A Proactive Look at the PRO Act
By Jessica D. Osborne & Dennis E. Westlind - Bullard Law
February 9, 2021
With the Democratic Party now holding a narrow majority in the Senate, the Protecting the Right to Organize Act (“PRO Act”) has newfound life nearly a year after dying upon passage by the House majority on February 10, 2020. The PRO Act seeks to revise the National Labor Relations Act (“NLRA”) in significant ways that will have a real impact on all employers, union and non-union alike. The bill reads like a wish list for big labor: it would reduce an employer’s ability to counteract union messaging, expand who and what is covered by the NLRA, and infuse personal liability and monetary damages against the employer and individual managers, amongst other changes.
We do not intend this alert to be fully inclusive of all provisions of the bill. Rather, we highlight some of those key changes below to prepare employers for the possible passage:
Who Would Be Covered By The Act?
The PRO Act expands several key definitions to expand the scope of the NLRA. It expands the definition of “employer” to include “joint employers” (separate entities that each have some degree of control over employees) and broadens the definition of “employee” to add many individuals that are currently considered to be independent contractors. Simultaneously, it narrows the definition of “supervisors” who are excluded from the NLRA and currently cannot be represented by a union.
What Would Be Protected?
The bill will make it lawful for employees to engage in secondary activities. This means that unions will be able to encourage employees to engage in solidarity strikes in support of other workers, as well as engage in intermittent strikes.
The bill will also allow unions to force mandatory membership fees, regardless of contrary state laws (27 states currently have “right to work” laws).
The bill will also require employers to post notices of employees’ rights under the NLRA, including the right to organize.

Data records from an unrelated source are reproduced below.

Lemma fract_box_close (K : nat) (u v : R) : 0 <= u < 1 -> 0 <= v < 1 ->
  fract_box K u = fract_box K v -> `|u - v| < K.+1%:R^-1.
Proof.
have K0 : 0 < K.+1%:R :> R by [].
have box_val w : 0 <= w < 1 -> (fract_box K w : nat) = Num.truncn (K.+1%:R * w).
  move=> /andP[w0 w1]; rewrite /fract_box inordK // ltnS truncn_le_nat.
  by rewrite -[X in _ < X]mulr1 ltr_pM2l.
move=> /[dup] /andP[u0 _] /box_val box_u /[dup] /andP[v0 _] /box_val box_v.
move=> /(congr1 (@nat_of_ord _)); rewrite box_u box_v.
move=> /(truncn_eq_dist (mulr_ge0 (ltW K0) u0) (mulr_ge0 (ltW K0) v0)).
by rewrite -mulrBr normrM gtr0_norm // -ltr_pdivlMl // mulr1.
Qed.

Lemma simultaneous_dirichlet (I : finType) (c : I -> R) (K : nat) :
  exists a b : nat, (a < b)%N /\
    forall i, `|fract (b%:R * c i) - fract (a%:R * c i)| < K.+1%:R^-1.
Proof.
pose boxes (q : 'I_(K.+1 ^ #|I|).+1) := [ffun i => fract_box K (fract (q%:R * c i))].
have : ~~ injectiveb boxes.
  by apply/negP => /injectiveP /leq_card; rewrite card_ffun !card_ord ltnn.
move=> /injectivePn[q [q' neq_qq' /ffunP boxes_eq]].
have close (a b : 'I_(K.+1 ^ #|I|).+1) : boxes a = boxes b ->
    forall i, `|fract (b%:R * c i) - fract (a%:R * c i)| < K.+1%:R^-1.
  move=> /ffunP eq_ab i; apply: fract_box_close; rewrite ?fract_itv //.
  by have := eq_ab i; rewrite !ffunE.
have [lt_qq' | lt_q'q | eq_qq'] := ltngtP q q'.
- by exists q, q'; split => //; apply: close; apply/ffunP.
- by exists q', q; split => //; apply: close; apply/ffunP => i; rewrite boxes_eq.
- by move: neq_qq'; rewrite (val_inj eq_qq') eqxx.
Qed.

End Dirichlet.

Section Lattice.
Variable R : realType.

Lemma discrete_Zspan_mulrn m d (gamma : 'I_m -> 'rV[R]_d) (P : pred 'I_m)
    (c : 'I_m -> 'I_m -> R) (eps : R) :
  0 < eps -> (forall v, Zspan gamma v -> v != 0 -> eps <= `|v|) ->
  (forall k, gamma k = \sum_(i < m | P i) c k i *: gamma i) ->
  exists2 N : nat, (0 < N)%N & forall k, Zspan_on gamma P (gamma k *+ N).
Proof.
move=> eps0 discrete span.
pose C := \sum_(i < m | P i) `|gamma i|.
have C0 : 0 <= C by apply: sumr_ge0 => i _.
pose K := Num.truncn (C / eps).
have KC : C * K.+1%:R^-1 < eps.
  have /andP[_] := truncn_itv (divr_ge0 C0 (ltW eps0)).
  by rewrite -/K ltr_pdivrMr // mulrC ltr_pdivrMr.
have [a [b [lt_ab close]]] :=
  simultaneous_dirichlet (fun ki : 'I_m * 'I_m => c ki.1 ki.2) K.
exists (b - a)%N => [|k]; first by rewrite subn_gt0.
pose e i := Num.floor (b%:R * c k i) - Num.floor (a%:R * c k i).
exists e.
pose w := gamma k *+ (b - a) - \sum_(i < m | P i) gamma i *~ e i.
suff : w = 0 by move/eqP; rewrite subr_eq0 => /eqP.
have wL : Zspan gamma w.
  exists (fun i => (i == k)%:Z * (b - a)%:Z - (P i)%:Z * e i).
  rewrite (eq_bigr _ (fun i _ => mulrzBr _ _ _)) sumrB /w; congr (_ - _).
    rewrite (bigD1 k) //= eqxx mul1r big1 ?addr0 -?pmulrn // => i /negbTE ->.
    by rewrite mul0r mulr0z.
  rewrite big_mkcond /=; apply: eq_bigr => i _.
  by case: (P i); rewrite ?mul1r ?mul0r ?mulr0z.
have wE : w = \sum_(i < m | P i) (fract (b%:R * c k i) - fract (a%:R * c k i)) *: gamma i.
  rewrite /w {1}span -scaler_nat scaler_sumr -sumrB; apply: eq_bigr => i _.
  rewrite scalerA -scaler_int -scalerBl /fract /e (natrB _ (ltnW lt_ab)) rmorphB.
  by congr (_ *: _); ring.
apply/eqP; apply: contraT => w_neq0.
suff : `|w| < eps by rewrite ltNge (discrete _ wL w_neq0).
rewrite wE; apply: le_lt_trans (ler_norm_sum _ _ _) (le_lt_trans _ KC).
rewrite /C mulr_suml; apply: ler_sum => i _.
rewrite normrZ mulrC ler_wpM2l // ltW //.
exact: (close (k, i)).
Qed.

End Lattice.

Section Finite.
Variable R : realType.

Lemma stabiliserT_finite m d (gamma : 'I_m -> 'rV[R]_d) delta z :
  (exists2 eps : R, 0 < eps & forall v, Zspan gamma v -> v != 0 -> eps <= `|v|) ->
  nondegenerateZ gamma delta -> Zset gamma delta z ->
  finite_set (stabiliserT gamma z).
Proof.
move=> [eps eps0 discrete] nondeg Zz.
have /row_full_gamma_mx_on span := nondegenerate_row_full nondeg Zz.
have [c {}span] := fin_all_exists (fun k => span (gamma k)).
have [N N0 NL] := discrete_Zspan_mulrn eps0 discrete span.
pose root_vec (r : {ffun 'I_m -> 'I_N}) : 'rV[R[i]]_m :=
  \row_k expi (2 * pi * ((r k)%:R / N%:R) : R).
apply: (@sub_finite_set _ _ (root_vec @` setT)); last exact: finite_image finite_finset.
move=> t; rewrite stabiliserTE => -[phi dual_phi <-].
have root k : exists r : 'I_N, torus_map gamma phi 0 k = expi (2 * pi * (r%:R / N%:R) : R).
  rewrite mxE; apply: expi_2pi_root N0 _.
  by have [n] := dual_phi _ (NL k); rewrite raddfMn dotvC => ->; apply: intr_int.
have [r rE] := fin_all_exists root.
by exists [ffun k => r k] => //; apply/rowP => k; rewrite mxE ffunE rE.
Qed.

End Finite.

Theorem lemma5p4 (R : realType) (m n : nat)
  (gamma : 'I_m -> 'rV[R]_(m - n)) (delta : 'rV[R]_(m - n)) :
  Zspan_lattice_of_rank gamma (m - n) ->
  (forall z, Zset gamma delta z ->
     stabiliserT gamma z = torus_map gamma @` dual_grp (L_of gamma z)) /\
  (nondegenerateZ gamma delta ->
     forall z, Zset gamma delta z -> finite_set (stabiliserT gamma z)).
Proof.
move=> [discrete _]; split=> [z _ | nondeg z Zz]; first exact: stabiliserTE.
exact: stabiliserT_finite discrete nondeg Zz.
Qed.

What Would Become Unlawful?
The bill would classify several currently lawful employer actions as unfair labor practices – including:
• Required or “coerced” attendance at an employer’s meeting relating to the employer’s stance in opposition to union organizing;
• Replacing or discriminating against employees who participate in strikes;
• Requiring employees to enter into agreements that waive rights to pursue or join collective or class-action litigation.
What Would Be The Remedy?
The current NLRA provides limited “make whole” remedies. Those typically include reinstatement, back pay, lost benefits, and interest. The NLRA does not provide for penalties against the employer or leaders. Additionally, disputes under the NLRA do not provide an avenue for a private cause of action (i.e., an allegedly aggrieved employee cannot pursue a lawsuit for violations of the NLRA).
The PRO Act would provide the following:
• Up to $100,000 in penalties for employers found to have committed an unfair labor practice under Section 8(a) of the NLRA;
• Personal liability for individual officers or directors for unfair labor practices;
• Liquidated damages up to double the finding for unfair labor practices;
• Expands injunctive remedies, including reinstatement while an unfair labor practice charge is pending;
• No reduction of back pay based on intermediary earnings for an employee damaged by an unfair labor practice.
How Would Procedures Change?
The PRO Act would also make several significant changes to current procedures before the NLRB. Specifically, it would:
• Prohibit employers from participating in representation proceedings relating to union certification;
• Impose tight bargaining timelines when the employer voluntarily recognizes a union;
• Expands the ability of courts to provide injunctive relief upon petition by the NLRB;
In part due to the slim nature of the Democratic majority, we anticipate the PRO Act will face significant hurdles in the Senate, potentially from members of both parties, due to its sweeping and expansive changes to the NLRA. Curiously, many of the included policy positions could be enacted through Administrative Rulemaking and internal guidance through the Biden Administration’s National Labor Relations Board. Unless the Democrats end the filibuster, it is unlikely that the PRO Act as written will become law prior to the midterm elections, but it may pass in modified form. We will provide any updates should the PRO Act move forward more expediently than anticipated.